The only things I've done this Christmas break are read, watch movies, and spent almost the whole week with my best friend.
But I guess that's what vacations are for, right?
What sucks is that it's almost over. Oh my God. Only tomorrow and Sunday, and then the next day I am back at school, the last place in the world I want to be. Well, maybe not the last, but it's pretty far down the list. I don't want to face anything I have to do. God, I feel depressed just writing this.
I need to stop now.
I don't feel like writing this anymore.
Before I go, I just want to state my New Year's resolution. For the record, I never do this. Every year, my New Year's resolution is to not have a New Year's resolution.
Sometimes that makes me feel clever.
Other times it makes me feel uncommitted and lazy.
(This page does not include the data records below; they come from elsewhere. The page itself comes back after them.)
(* Consider the static single-object erasure-coded Byzantine read/write protocol described in the context over a set $C$ of flexnodes, at most $b<\frac{|C|-k}{3}$ of which are Byzantine. In any execution, if $\pi$ is a complete get-data primitive on $C$ that returns $\langle t_\pi,v_\pi\rangle$, then either $\langle t_\pi,v_\pi\rangle=\langle t_0,v_0\rangle$, or there exists a put-data$(\langle t_\pi,v_\pi\rangle)$ primitive $\phi$ on $C$ in the execution such that $\pi$ did not complete before the invocation of $\phi$.
   Context: Model. $C$ is a fixed finite set of processes (''flexnodes'') over asynchronous reliable channels. Up to $b$ flexnodes may be Byzantine. Processes invoking reads/writes follow the protocol but may crash. Signatures are unforgeable: only $p$ can produce a valid signature of $p$, so Byzantine flexnodes cannot forge signed pairs. An $[n,k]$ RLNC code with $n=|C|$: $\mathrm{Encode}(v)$ produces $|C|$ coded elements, any $k$ of which (from the same encoding) recover $v$. Tags are pairs $(z,w)$, $z\in\mathbb{N}$, $w$ a writer identifier, ordered lexicographically; $\langle t_0,v_0\rangle$ is the initial tag-value pair. A parameter $\delta\ge1$ is fixed. A quorum is any subset of $C$ of size $\lceil (2|C|+k)/3\rceil$. State. Each flexnode keeps a set $List$ of signed triples $(\langle t,e\rangle,\sigma)$, initially holding only the initial pair with tag $t_0$. Primitives (by flexnode $p$): put-data$(\langle t,v\rangle)$: encode $v$ into $e_1,\dots,e_{|C|}$, send $\langle t,e_j\rangle$ signed by $p$ to the $j$-th flexnode; a receiver adds it to $List$ if the signature verifies and no entry with tag $t$ exists, then if $|List|>\delta+1$ removes the entries with minimum tag, and acknowledges; $p$ waits for a quorum of acknowledgements. get-data: query all, each replies with its $List$, wait for a quorum, keep the pairs with valid signatures, take the maximum tag appearing in at least $k$ received lists, decode the value from its coded elements and return the pair; if no such tag exists the primitive does not complete. (get-tag: query all, each replies with its signed max-tag entry, wait for a quorum, return the maximum verified tag.) Operations: read = get-data then put-data of the obtained pair; write$(v)$ by $w$ = get-tag returning $t$, then put-data$(\langle (t.z+1,w),v\rangle)$. *)

(* A model of the static single-object erasure-coded
   Byzantine read/write protocol as a transition system over global states;
   executions are finite sequences of steps from the initial state, recorded
   as traces of primitive invocation/response events. *)
From mathcomp Require Import all_boot.
Set Implicit Arguments. Unset Strict Implicit. Unset Printing Implicit Defensive.

(* Tags (z, w): z a natural number, w a writer identifier (processes that
   invoke operations are identified by natural numbers).  Lexicographic order. *)
Definition tag := (nat * nat)%type.
Definition tag_lt (t1 t2 : tag) : bool :=
  (t1.1 < t2.1) || ((t1.1 == t2.1) && (t1.2 < t2.2)).
Definition tag_le (t1 t2 : tag) : bool := (t1 == t2) || tag_lt t1 t2.
Definition t0 : tag := (0, 0).

(* The signer of a signed pair: [Some c] = process c, [None] = the set-up
   signature of the initial pair. *)
Definition signer := option nat.
Lemma grid_row_cvg i : (fun j => toR (y i j)) @ \oo --> q (i + 2)%N.
Proof.
apply/cvgrPdist_lt => e e0; have D4e : 0 < e / (D / 4) by rewrite !divr_gt0.
near=> j; have j2 : (1 < j)%N by near: j; exact: nbhs_infty_gt.
have := y_near i j; rewrite /grid_center gtn_eqF ?(ltnW j2) // gtn_eqF //.
rewrite distrC => /lt_le_trans; apply; rewrite /grid_radius -/D.
have : j.+1%:R^-1 < e / (D / 4) by near: j; exact: (near_infty_natSinv_lt (PosNum D4e)).
by rewrite ltr_pdivlMr ?divr_gt0 // mulrC => /ltW.
Unshelve. all: by end_near. Qed.

Lemma grid_acc_points_tail n i : (n < i)%N -> acc_points (tail_image y n) (q (i + 2)%N).
Proof.
move=> ni; apply: (acc_pointsS (S := range (y i))); first by move=> _ [j _ <-]; exists i, j.
apply: acc_points_range_inj_cvg; last exact: grid_row_cvg.
by move=> j j' /(@y_inj (i, j) (i, j')) [].
Qed.

Lemma grid_inX : inX R y.
Proof.
split; [|split => [[i j] [i' j'] /y_inj //|n]]; last first.
  move=> /conv01P tail_fin; apply: infinite_nat.
  rewrite -(_ : (fun k => q (n.+1 + k + 2)%N) @^-1` acc_points (tail_image y n) = setT).
    by apply: finite_preimage tail_fin => k k' _ _ /q_inj; lia.
  by apply/seteqP; split => // k _; apply: grid_acc_points_tail; lia.
move=> p _; exists (ball p (D / 4)); split; first exact: ball_open.
split; first by apply: ballxx; rewrite divr_gt0.
move=> n tail_ball.
have near_p j : `|p - toR (y n.+1 j)| < D / 4.
  have := tail_ball _ (ex_intro _ n.+1 (ex_intro _ j (conj (ltnSn n) erefl))).
  by rewrite -ball_normE.
have := near_p 0%N; have := near_p 1%N; have := y_near n.+1 0; have := y_near n.+1 1.
rewrite /grid_center /grid_radius -/D /= divr1.
set y0 := toR (y n.+1 0%N); set y1 := toR (y n.+1 1%N) => q1y1 q0y0 py1 py0.
have := ler_distD y0 (q 0%N) (q 1%N); rewrite -/D (distrC (q 0%N)).
have := ler_distD p y0 (q 1%N); have := ler_distD y1 p (q 1%N).
rewrite !(distrC _ p); have := D_gt0; lra.
Qed.

End Grid.

Lemma not_conv01_inX (R : realType) (S : set Lam) :
  ~ conv01 R S -> exists y, inX R y /\ forall i j, S (y i j).
Proof.
move=> nS; have acc_inf : infinite_set (@acc_points R S) by move=> fin; apply/nS/conv01P.
have [q [q_inj q_acc]] := injective_choice (fun _ => acc_inf).
have D_gt0 : 0 < `|q 0%N - q 1%N| by rewrite normr_gt0 subr_eq0; apply/eqP => /q_inj.
pose ij m := odflt (0, 0)%N (choice.unpickle m).
pose B m := near_pts S (grid_center q (ij m).1 (ij m).2) (grid_radius q (ij m).2).
have B_inf m : infinite_set (B m).
  apply: (_ : acc_points S _); last by rewrite !divr_gt0.
  by rewrite /grid_center; case: ifP => _; [|case: ifP => _]; exact: q_acc.
have [z [z_inj zB]] := injective_choice B_inf.
have ij_pickle i j : ij (choice.pickle (i, j)) = (i, j) by rewrite /ij choice.pickleK.
exists (fun i j => z (choice.pickle (i, j))).
split; last by move=> i j; case: (zB (choice.pickle (i, j))).
apply: grid_inX q_inj _ _ => [[i j] [i' j'] /z_inj /(pcan_inj (@choice.pickleK _))//|i j].
by case: (zB (choice.pickle (i, j))); rewrite ij_pickle.
Qed.

Section RhoUnitInterval.
Variables (R : realType) (A : R -> set nat) (x : R -> nat -> nat -> Lam).
Hypotheses (A_ad : almost_disjoint_family A) (x_enum : enumeration_of_X x).

Lemma Abar_A a : Abar A (A a).
Proof. by exists a, set0; rewrite setD0; split => //; exact: finite_set0. Qed.

Lemma Abar_sub_eq a b (K K' : set nat) :
  finite_set K -> A a `\` K `<=` A b `\` K' -> a = b.
Proof.
move=> Kfin sub; apply: contrapT => ab; have [_ [A_inf A_dis]] := A_ad.
apply: (A_inf a); apply: (@sub_finite_set _ _ ((A a `&` A b) `|` K)).
  by move=> k Ak; case: (pselect (K k)) => Kk; [right|left; split => //; case: (sub k)].
by rewrite finite_setU; split => //; exact: A_dis.
Qed.

Lemma x_inj a : injective (fun ij : nat * nat => x a ij.1 ij.2).
Proof. by have [/(_ a) [_ []]] := x_enum. Qed.

Lemma rho01E a (K : set nat) : finite_set K ->
  rho01 A x (A a `\` K) =
  [set q | exists i j, [/\ (0 < i)%N, forall k, A a k -> K k -> (k < i)%N & x a i j = q]].
Proof.
move=> Kfin; apply/seteqP; split => q; last first.
  by move=> [i [j [i0 iK xq]]]; exists a, K; split => //; split => //; exists i, j.
move=> [b [K' [K'fin [EK' [i [j [i0 [iK' xq]]]]]]]].
have ba : b = a by apply: (Abar_sub_eq (K' := K) K'fin); rewrite -EK'.
subst b; exists i, j; split => // k Ak Kk; apply: iK' => //; apply: contrapT => nK'k.
have : (A a `\` K') k by split.
by rewrite -EK' => -[].
Qed.

Lemma tail_sub_rho01 a (K : set nat) : finite_set K ->
  exists N, tail_image (x a) N `<=` rho01 A x (A a `\` K).
Proof.
move=> Kfin; have [N KN] := finite_nat_bounded Kfin; exists N; rewrite rho01E //.
move=> _ [i [j [Ni <-]]]; exists i, j; split => //; first lia.
by move=> k _ /KN /=; lia.
Qed.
Sometimes I make a New Year's resolution and then when I break it, I pretend I never had one in the first place.
I am a horrible person.
But this year, for real, I have one. I'm going to lose 15 pounds, and keep it off.
It's going to happen.
Mark my words.
If it doesn't, someone can fucking smack me and call me all the names I deserve to be called.
Stupid.
Lazy.
Uncommitted.
Failure.

I will make it happen.

Completely off topic, but my sister is downstairs watching Girl, Interrupted. Apparently, she loves the movie now, even though she saw the second half first, on account of the fact that she fell asleep on my best friend's lap and missed the beginning. But now she's watching the whole thing, and making her boyfriend watch it too. I can hear bits and pieces from where I am, and I know what part she's at right now.
But for all the confidence I claim to have and for all the fear I provoke in this kid, my sister's boyfriend, I can't bring myself to go downstairs and watch it with them.